Jeneffer is of Rwandan origin, second generation diasporan based in Tiohtià:ke (Montreal). Jeneffer joined COCo in 2019, contributing to the coordination and project management of the ateliers/C series. She has since helped develop and facilitate workshops around themes of anti-oppression, organizational development, finance, and communities of practice amongst others. She has also provided key support in the reinforcement of COCo’s organizational practices and processes through our communications and IT portfolios. With a Bachelor of Business Administration in accounting and business analytics - IT from HEC, Jeneffer brings a rich background in the community sector, nonprofit management and entertainment industry. She hopes to continue to engage in and foster conversations around anti-oppression and social justice through her new role as a Communications and Events Coordinator.
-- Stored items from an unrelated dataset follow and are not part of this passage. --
(* (1) Let $\mathbf S=(S,\vee,K)$ be a closure semilattice, and for $n\ge1$ and $a,b_1,\dots,b_n\in S$ set $a\sqsubseteq^n b_1,\dots,b_n$ iff $a\le Kb_1\vee\dots\vee Kb_n$. Then $(S,\vee,(\sqsubseteq^n)_{n\ge1})$ is a principal regular multi-argument specialization semilattice. In particular this applies when $\mathbf S$ is a closure space $(\mathcal P(X),\cup,K)$. (2) If $\mathbf T$ is another closure semilattice and $\varphi:\mathbf S\to\mathbf T$ is a homomorphism of closure semilattices (i.e. $\varphi(a\vee b)=\varphi(a)\vee\varphi(b)$ and $\varphi(Ka)=K\varphi(a)$ for all $a,b$), then $\varphi$ is a homomorphism between the associated multi-argument specialization semilattices defined as in (1).
   Context: A closure operation on a poset is extensive ($x\le Kx$), idempotent ($KKx=Kx$) and isotone. A closure semilattice is a join semilattice with a closure operation; a closure space is $(\mathcal P(X),\cup,K)$ with $K$ a closure operation on $\mathcal P(X)$. A multi-argument specialization semilattice is a join semilattice $(M,\vee)$ (order $a\le b$ iff $a\vee b=b$) with, for each $n\ge1$, an $(n+1)$-ary relation $a\sqsubseteq^n b_1,\dots,b_n$ (also written $a\sqsubseteq b_1,\dots,b_n$) such that: (M1) $a\sqsubseteq a$; (M2) $a\sqsubseteq b_1,\dots,b_n$ and $b_1\sqsubseteq c$ imply $a\sqsubseteq c,b_2,\dots,b_n$; (M3) $a\le b$ and $b\sqsubseteq c_1,\dots,c_m$ imply $a\sqsubseteq c_1,\dots,c_m$; (M4) $a\sqsubseteq b_1,\dots,b_n$ implies $a\sqsubseteq b_{\sigma1},\dots,b_{\sigma n}$ for every permutation $\sigma$; (M5) $a\sqsubseteq b_1,\dots,b_n,b_n$ implies $a\sqsubseteq b_1,\dots,b_n$; (M6) $a\sqsubseteq b_1,\dots,b_n$ implies $a\sqsubseteq b_1,\dots,b_n,b_{n+1}$; (M7) $a\sqsubseteq b_1,\dots,b_n$ and $a_1\sqsubseteq b_1,\dots,b_n$ imply $a\vee a_1\sqsubseteq b_1,\dots,b_n$. It is principal if for every $x$ there is a $\le$-largest $y$ with $y\sqsubseteq^1 x$; this $y$ is denoted $Kx$. A principal one is regular if $a\sqsubseteq^n b_1,\dots,b_n$ holds iff $a\le Kb_1\vee\dots\vee Kb_n$, for all $n$ and elements. A homomorphism of multi-argument specialization semilattices is a join-preserving map $\varphi$ such that $a\sqsubseteq^n b_1,\dots,b_n$ implies $\varphi(a)\sqsubseteq^n\varphi(b_1),\dots,\varphi(b_n)$ for all $n$. *)

From HB Require Import structures.
From mathcomp Require Import all_boot all_order.
Set Implicit Arguments. Unset Strict Implicit. Unset Printing Implicit Defensive.
Import Order.Theory.
Local Open Scope order_scope.

Definition closure_op (d : Order.disp_t) (S : porderType d) (K : S -> S) : Prop :=
  [/\ (forall x, x <= K x), (forall x, K (K x) = K x)
    & (forall x y, x <= y -> K x <= K y)].

Definition joinl (d : Order.disp_t) (S : joinSemilatticeType d) (b : S) (bs : seq S) : S :=
  foldl (fun acc x => acc `|` x) b bs.

(* A multi-argument relation is encoded as  rel a b bs  meaning
   a ⊑^n b, bs_1, ..., bs_{n-1}  where n = (size bs).+1 >= 1.
   The arity n is thus the length of the nonempty list  b :: bs. *)
Definition mrel (S : Type) := S -> S -> seq S -> Prop.

Definition is_mss (d : Order.disp_t) (S : joinSemilatticeType d) (rel : mrel S) : Prop :=
  (forall a : S, rel a a [::]) /\
  (forall (a b1 c : S) bs, rel a b1 bs -> rel b1 c [::] -> rel a c bs) /\
  (forall (a b c : S) cs, a <= b -> rel b c cs -> rel a c cs) /\
  (forall (a b b' : S) bs bs', perm_eq (b :: bs) (b' :: bs') ->
              rel a b bs -> rel a b' bs') /\
  (forall (a b1 bn : S) bs, rel a b1 (rcons (rcons bs bn) bn) ->
              rel a b1 (rcons bs bn)) /\
  (* M5, case n = 1 *) (forall (a b : S), rel a b [:: b] -> rel a b [::]) /\
  (forall (a b1 b : S) bs, rel a b1 bs -> rel a b1 (rcons bs b)) /\
  (forall (a a1 b : S) bs, rel a b bs -> rel a1 b bs -> rel (a `|` a1) b bs).

Definition principal_op (d : Order.disp_t) (S : joinSemilatticeType d)
    (rel : mrel S) (K : S -> S) : Prop :=
  forall x : S, rel (K x) x [::] /\ (forall y, rel y x [::] -> y <= K x).

Definition principal (d : Order.disp_t) (S : joinSemilatticeType d) (rel : mrel S) : Prop :=
  forall x : S, exists y : S, rel y x [::] /\ (forall z, rel z x [::] -> z <= y).

Definition principal_regular (d : Order.disp_t) (S : joinSemilatticeType d)
    (rel : mrel S) : Prop :=
  principal rel /\
  exists K : S -> S, principal_op rel K /\
    forall (a b : S) bs, rel a b bs <-> a <= joinl (K b) (map K bs).

Definition mss_hom (d1 d2 : Order.disp_t) (S : joinSemilatticeType d1)
    (T : joinSemilatticeType d2) (relS : mrel S) (relT : mrel T) (phi : S -> T) : Prop :=
  (forall a b : S, phi (a `|` b) = phi a `|` phi b) /\
  (forall (a b : S) bs, relS a b bs -> relT (phi a) (phi b) (map phi bs)).

Definition induced_rel (d : Order.disp_t) (S : joinSemilatticeType d) (K : S -> S) : mrel S :=
  fun a b bs => a <= joinl (K b) (map K bs).

(* Everything reduces to the join [joinl (K b) (map K bs)]: it only depends on
   the set of arguments, which gives the structural axioms M4-M6; extensivity
   of K gives M1 and monotonicity plus idempotency give the cut rule M2.  The
   relation is regular by construction, with K itself as principal operator.
   A join morphism commuting with K maps [joinl (K b) (map K bs)] to the
   corresponding join in the target, and is monotone, hence preserves the
   relation; this part uses no closure axiom. *)

From mathcomp Require Import all_boot all_order.

Set Implicit Arguments.
Unset Strict Implicit.
Unset Printing Implicit Defensive.

Import Order.Theory.
Local Open Scope order_scope.

Section Joinl.

Variables (d : Order.disp_t) (S : joinSemilatticeType d).

Lemma joinl_le (b : S) (bs : seq S) (c : S) :
  (joinl b bs <= c) = (b <= c) && all (<= c) bs.
Proof.
elim: bs b => [|x bs IH] b /=; first by rewrite andbT.
by rewrite /joinl /= -/(joinl _ _) IH leUx andbA.
Qed.

Lemma le_joinl (b : S) (bs : seq S) (x : S) : x \in b :: bs -> x <= joinl b bs.
Proof.
have /[!joinl_le] /andP[le_b /allP le_bs] := lexx (joinl b bs).
by rewrite inE => /predU1P[->|/le_bs].
Qed.

Lemma joinl_subset (b c : S) (bs cs : seq S) :
  {subset b :: bs <= c :: cs} -> joinl b bs <= joinl c cs.
Proof.
move=> sub; rewrite joinl_le le_joinl ?sub ?mem_head //=.
by apply/allP => x bs_x; apply/le_joinl/sub; rewrite inE bs_x orbT.
Qed.

End Joinl.

Lemma joinl_morph (d1 d2 : Order.disp_t) (S : joinSemilatticeType d1)
    (T : joinSemilatticeType d2) (phi : S -> T) :
  {morph phi : a b / a `|` b} ->
  forall (b : S) bs, phi (joinl b bs) = joinl (phi b) (map phi bs).
Proof.
move=> phiU b bs; elim: bs b => [|x bs IH] b //=.
by rewrite /joinl /= -!/(joinl _ _) IH phiU.
Qed.

Lemma join_morph_homo (d1 d2 : Order.disp_t) (S : joinSemilatticeType d1)
    (T : joinSemilatticeType d2) (phi : S -> T) :
  {morph phi : a b / a `|` b} -> {homo phi : a b / a <= b}.
Proof. by move=> phiU a b /join_idPr <-; rewrite phiU leUl. Qed.

Section InducedRelation.

Variables (d : Order.disp_t) (S : joinSemilatticeType d) (K : S -> S).

Local Notation rel := (induced_rel K).

Lemma induced_rel_subset (a b c : S) (bs cs : seq S) :
  {subset b :: bs <= c :: cs} -> rel a b bs -> rel a c cs.
Proof. by move=> sub /le_trans; apply; apply/joinl_subset/(sub_map (f := K) sub). Qed.

Lemma induced_rel_le (a b c : S) (cs : seq S) : a <= b -> rel b c cs -> rel a c cs.
Proof. exact: le_trans. Qed.

Lemma induced_rel_join (a a1 b : S) (bs : seq S) :
  rel a b bs -> rel a1 b bs -> rel (a `|` a1) b bs.
Proof. by rewrite /induced_rel leUx => -> ->. Qed.

Lemma induced_rel_principal_op : principal_op rel K.
Proof. by move=> x; split=> [|y]; rewrite /induced_rel /=. Qed.

Lemma induced_rel_principal_regular : principal_regular rel.
Proof.
split; last by exists K; split; [exact: induced_rel_principal_op|].
by move=> x; exists (K x); apply: induced_rel_principal_op.
Qed.

Hypothesis closure_K : closure_op K.

Lemma induced_rel_refl (a : S) : rel a a [::].
Proof. by case: closure_K => K_ext _ _; exact: K_ext. Qed.

Lemma induced_rel_cut (a b1 c : S) (bs : seq S) :
  rel a b1 bs -> rel b1 c [::] -> rel a c bs.
Proof.
case: closure_K => _ K_idem K_homo le_a le_b1; apply: le_trans le_a _.
have le_Kb1 : K b1 <= K c by rewrite -[leRHS]K_idem; exact: K_homo.
rewrite joinl_le (le_trans le_Kb1) ?le_joinl ?mem_head //=.
by apply/allP => x bs_x; apply: le_joinl; rewrite inE bs_x orbT.
Qed.

Lemma induced_rel_mss : is_mss rel.
Proof.
split; first exact: induced_rel_refl.
split; first exact: induced_rel_cut.
split; first exact: induced_rel_le.
split.
  by move=> a b b' bs bs' /perm_mem eq_bs; apply: induced_rel_subset => x; rewrite eq_bs.
split.
  move=> a b1 bn bs; apply: induced_rel_subset => x.
  by rewrite !(inE, mem_rcons) => /or4P[] ->; rewrite ?orbT.
split; first by move=> a b; apply: induced_rel_subset => x; rewrite !inE orbb.
split.
  move=> a b1 b bs; apply: induced_rel_subset => x.
  by rewrite !(inE, mem_rcons) orbCA => ->; rewrite orbT.
exact: induced_rel_join.
Qed.

End InducedRelation.

Lemma induced_rel_hom (d1 d2 : Order.disp_t) (S : joinSemilatticeType d1)
    (T : joinSemilatticeType d2) (KS : S -> S) (KT : T -> T) (phi : S -> T) :
  {morph phi : a b / a `|` b} -> (forall a, phi (KS a) = KT (phi a)) ->
  mss_hom (induced_rel KS) (induced_rel KT) phi.
Proof.
move=> phiU phiK; split=> // a b bs /(join_morph_homo phiU).
by rewrite /induced_rel joinl_morph // phiK -map_comp (eq_map phiK) map_comp.
Qed.

Theorem proposition3p3 :
  (forall (d : Order.disp_t) (S : joinSemilatticeType d) (K : S -> S),
      closure_op K ->
      is_mss (induced_rel K) /\ principal_regular (induced_rel K)) /\
  (forall (d1 d2 : Order.disp_t) (S : joinSemilatticeType d1) (T : joinSemilatticeType d2)
      (KS : S -> S) (KT : T -> T) (phi : S -> T),
      closure_op KS -> closure_op KT ->
      (forall a b : S, phi (a `|` b) = phi a `|` phi b) ->
      (forall a : S, phi (KS a) = KT (phi a)) ->
      mss_hom (induced_rel KS) (induced_rel KT) phi).
Proof.
split.
  move=> d S K closure_K.
  by split; [exact: induced_rel_mss | exact: induced_rel_principal_regular].
by move=> d1 d2 S T KS KT phi _ _; exact: induced_rel_hom.
Qed.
Greyscale portrait of Naïma calmly smiling into the camera.

Naïma Phillips

naimap@coco-net.org

Naïma Phillips joined COCo in April 2021 as the Funding and Partnerships Coordinator. Naïma brought to her role over 15 years of experience in the cultural and nonprofit sector -- as a Director of Partnerships, artistic director, writer, collaborator, and board president. Naïma joined COCo during a period of significant challenges, and within only a few months was playing an essential role in collective governance and long-term planning. Naïma is a strategic thinker and a master communicator, able to facilitate meaningful conversations and decision-making around complex issues. As Funding and Partnerships Coordinator, Naïma has maintained and deepened COCo’s existing partnerships, and brought in significant new funding. She has done so with an unwavering commitment to grounding COCo’s fundraising strategy in the principles of anti-oppression, and to centering staff safety and wellbeing.

Emilia Gonzalez

emiliag@coco-net.org

As a researcher and facilitator, Emilia has been building bridges between the community development sector and academia for over six years. She has collaborated on youth-focused and youth-led research and community work in a variety of settings including public service organizations, local and international NGOs, and interdisciplinary partnerships. As a first-generation immigrant from Colombia, Emilia has a personal interest in working with and advocating for newcomer youth. She is passionate about connecting with young people, listening to their stories and co-creating projects that have the potential to transform our society.

Janie Janvier (On leave)

janiej@coco-net.org

Janie has more than 10 years of experience in the community sector where she has served in diverse roles including project evaluation and management, training development and facilitation, documentation and communication of results, and collective mobilization around collaborative projects.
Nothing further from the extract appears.